Reliability based multidisciplinary design optimization of single turbine stage based on parameterized mesh deformation

摘要

摘要: 基于自由变形技术发展了一种可以协调实现流场、结构分析网格参数化变形的方法,并实现单级涡轮的多学科可靠性设计优化。针对流场分析网格展向积叠的特征,将三维网格变形转化为不同叶高二维截面的网格变形;根据二维流场分析网格的拓扑结构,设计二维控制面,基于叶型设计参数建立叶型控制点、其他控制点伴随叶型控制点移动,实现了网格的参数化变形,避免了网格畸变、提高了网格变形的质量;不同叶高的二维控制面组成控制体,实现三维流场分析网格的参数化变形。采用相同的控制体进行结构分析网格的变形,实现了耦合界面网格协调变形。基于Kriging代理模型进行单级涡轮的多学科可靠性优化,在满足可靠性约束的情况下效率提高4.97%、寿命提高40.86%,证明了方法的有效性。
- 多学科设计优化 /
- 网格参数化变形 /
- 耦合界面网格协调变形 /
- 可靠性 /
- 涡轮
Abstract: On basis of free-form deformation method, a parameterized mesh deformation to morph coordinately fluid analysis mesh and structure analysis mesh was proposed, and reliability-based multidisciplinary design optimization of single turbine stage with parameterized mesh deformation was introduced. According to the extended feature of blade in spanwise direction, the mesh deformation of 3D analysis mesh was translated to the mesh deformation of 2D cross section analysis mesh at different blade height. Control plane for 2D cross section was designed on basis of topological structure of the 2D fluid analysis mesh. The coordinates of blade profile control points were calculated by aerodynamic design parameters.
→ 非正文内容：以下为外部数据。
Lemma lovasz_term_indicator_downclosed rho T :
  normalized f -> downclosed rho T -> lovasz_term f (indicator T) rho = f T.
Proof.
move=> f0 T_down; rewrite -[f T]subr0 -f0 -(telescope_prefixI rho).
apply: eq_bigr => i _; rewrite /indicator; case: ifPn => [iT|iNT]; last first.
  by rewrite prefixSI // mul0r subrr.
have prefix_sub : prefix rho i.+1 \subset T.
  apply/subsetP => j; rewrite mem_prefix ltnS => le_ji.
  by rewrite -(permKV rho j); apply: T_down le_ji iT.
rewrite mul1r !(setIidPl _) //; apply: subset_trans prefix_sub.
by rewrite prefixS subsetUr.
Qed.

Lemma lovasz_term_sum rho n (c : 'I_n -> R) (x : 'I_n -> vec R k) :
  lovasz_term f (fun j => \sum_(l < n) c l * x l j) rho
  = \sum_(l < n) c l * lovasz_term f (x l) rho.
Proof.
rewrite /lovasz_term; under eq_bigr do rewrite mulr_suml.
rewrite exchange_big; apply: eq_bigr => l _.
by rewrite mulr_sumr; apply: eq_bigr => i _; rewrite mulrA.
Qed.

Lemma lovasz_termD rho x y :
  lovasz_term f (fun j => x j + y j) rho = lovasz_term f x rho + lovasz_term f y rho.
Proof. by rewrite /lovasz_term -big_split; apply: eq_bigr => i _; rewrite mulrDl. Qed.

Lemma lovasz_term_le_lovasz rho x : lovasz_term f x rho <= lovasz f x.
Proof. exact: le_bigmax. Qed.

Lemma lovasz_le x c : (forall rho, lovasz_term f x rho <= c) -> lovasz f x <= c.
Proof. by move=> le_c; apply/bigmax_leP. Qed.

Lemma lovasz_le_homo x y :
  increasing f -> (forall j, x j <= y j) -> lovasz f x <= lovasz f y.
Proof.
move=> f_incr le_xy; apply: lovasz_le => rho.
apply: le_trans (lovasz_term_le_lovasz rho y); apply: ler_sum => i _.
by apply: ler_wpM2r => //; rewrite subr_ge0; apply: f_incr; rewrite prefixS subsetUr.
Qed.

Lemma lovasz_indicatorD_le A B : submodular f -> normalized f ->
  lovasz f (fun j => indicator A j + indicator B j) <= f A + f B.
Proof.
move=> f_sub f0; apply: lovasz_le => rho; rewrite lovasz_termD.
by apply: lerD; apply: lovasz_term_indicator_le.
Qed.

Lemma lovasz_term_sublevel (key : 'I_k -> nat) : normalized f ->
  exists rho, forall m, let T := [set j | (key j < m)%N] in
    lovasz_term f (indicator T) rho = f T.
Proof.
move=> f0; have [r r_sorts] := exists_perm_sort key.
exists (r^-1)%g => m; apply: lovasz_term_indicator_downclosed => // a b le_ab.
rewrite !inE; apply: leq_ltn_trans; apply: r_sorts.
by rewrite !permKV.
Qed.
End LovaszExtension.

Section CubeFaces.
Context {R : realType} {k : nat}.
Implicit Types (pi : {perm 'I_k}) (b : signvec k) (w : vec R k).

Definition face_vertex pi b (i : 'I_k.+1) : vec R k := emul (ind R pi i) (yvec R b).

Lemma face_vertexE pi b i j :
  face_vertex pi b i j = if ((pi^-1)%g j < i)%N then yvec R b j else 0.
Proof. by rewrite /face_vertex /emul /ind; case: ifP; rewrite ?mul1r ?mul0r. Qed.

Lemma face_vertex_Vset pi b i : Vset (face_vertex pi b i).
Proof. by move=> j; rewrite face_vertexE /yvec; case: ifP; case: (b j); auto. Qed.

Lemma cube_face_decomposition w : (forall j, `|w j| <= 1) ->
  exists pi b (lam : 'I_k.+1 -> R), [/\ forall i, 0 <= lam i, \sum_i lam i = 1 &
    w = fun j => \sum_i lam i * face_vertex pi b i j].
Proof.
move=> w_le1; have [r r_sorts] := exists_perm_sort (fun j => - `|w j|).
(* [g n.+1] is the value of [|w|] at rank [n] in decreasing order; the weights are
   the gaps [g i - g i.+1]. *)
pose g n := if n is n'.+1 then \big[Num.max/0]_(j | (n' <= r j)%N) `|w j| else 1.
have g_last : g k.+1 = 0 by rewrite /= big_pred0 // => j; rewrite leqNgt ltn_ord.
have g_rank j : g (r j).+1 = `|w j|.
  apply/le_anti; rewrite (le_bigmax_cond _ _ (leqnn _)) andbT.
  by apply/bigmax_leP; split => // j' /r_sorts; rewrite lerN2.
have g_homo n : g n.+1 <= g n.
  case: n => [|n]; first by apply/bigmax_leP.
  apply/bigmax_leP; split=> [|j le_nj]; first exact: bigmax_ge_id.
  exact/le_bigmax_cond/ltnW.
pose b := [ffun j => 0 <= w j].
exists (r^-1)%g, b, (fun i : 'I_k.+1 => g i - g i.+1); split.
- by move=> i; rewrite subr_ge0.
- by have := telescope_sum_ge g (leq0n k.+1); rewrite g_last subr0.
apply: funext => j.
have -> : \sum_(i < k.+1) (g i - g i.+1) * face_vertex (r^-1)%g b i j
        = \sum_(i < k.+1 | ((r j).+1 <= i)%N) (g i - g i.+1) * yvec R b j.
  rewrite [RHS]big_mkcond; apply: eq_bigr => i _.
  by rewrite face_vertexE invgK; case: ifP; rewrite ?mulr0.
rewrite -mulr_suml telescope_sum_ge; last by rewrite ltnS ltnW.
rewrite g_rank g_last subr0 /yvec ffunE.
case: ifPn => [/ger0_norm->|]; first by rewrite mulr1.
by rewrite -ltNge => /ltr0_norm->; rewrite mulrN1 opprK.
Qed.

Lemma face_vertex_mul_le1 pi b b' i j : face_vertex pi b i j * yvec R b' j <= 1.
Proof. by rewrite face_vertexE /yvec; case: ifP; case: (b j); case: (b' j); lra. Qed.

(* Coordinates where [b] and [b'] disagree come first, in [pi]-order, then the others
   in reverse [pi]-order: the hinge at every vertex of the face is a sum of indicators
   of sublevel sets of this single key (face_vertex_hinge), so one permutation is
   optimal for all of them in the Lovász extension. *)
Definition face_key pi b b' (j : 'I_k) : nat :=
  if b j != b' j then nat_of_ord ((pi^-1)%g j) else (2 * k - (pi^-1)%g j)%N.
The movements of other control points in 2D control plane were obtained according to the movement of blade profile control points in order to improve the quality of the deformed mesh. The mesh deformation of 3D fluid analysis mesh could be carried out by the control volume composed of 2D control planes at different blade heights. Structure analysis mesh was morphed by using the same control volume for 3D fluid analysis mesh deformation in order to obtain the coordinate mesh deformation on interface mesh. Reliability-based multidisciplinary design optimization with proposed parameterized mesh deformation method was used to optimize single turbine stage. Results showed that the efficiency was improved by 4.97% and the blade life was improved by 40.86% under satisfying the reliability constraint, proving the effectiveness of the developed method.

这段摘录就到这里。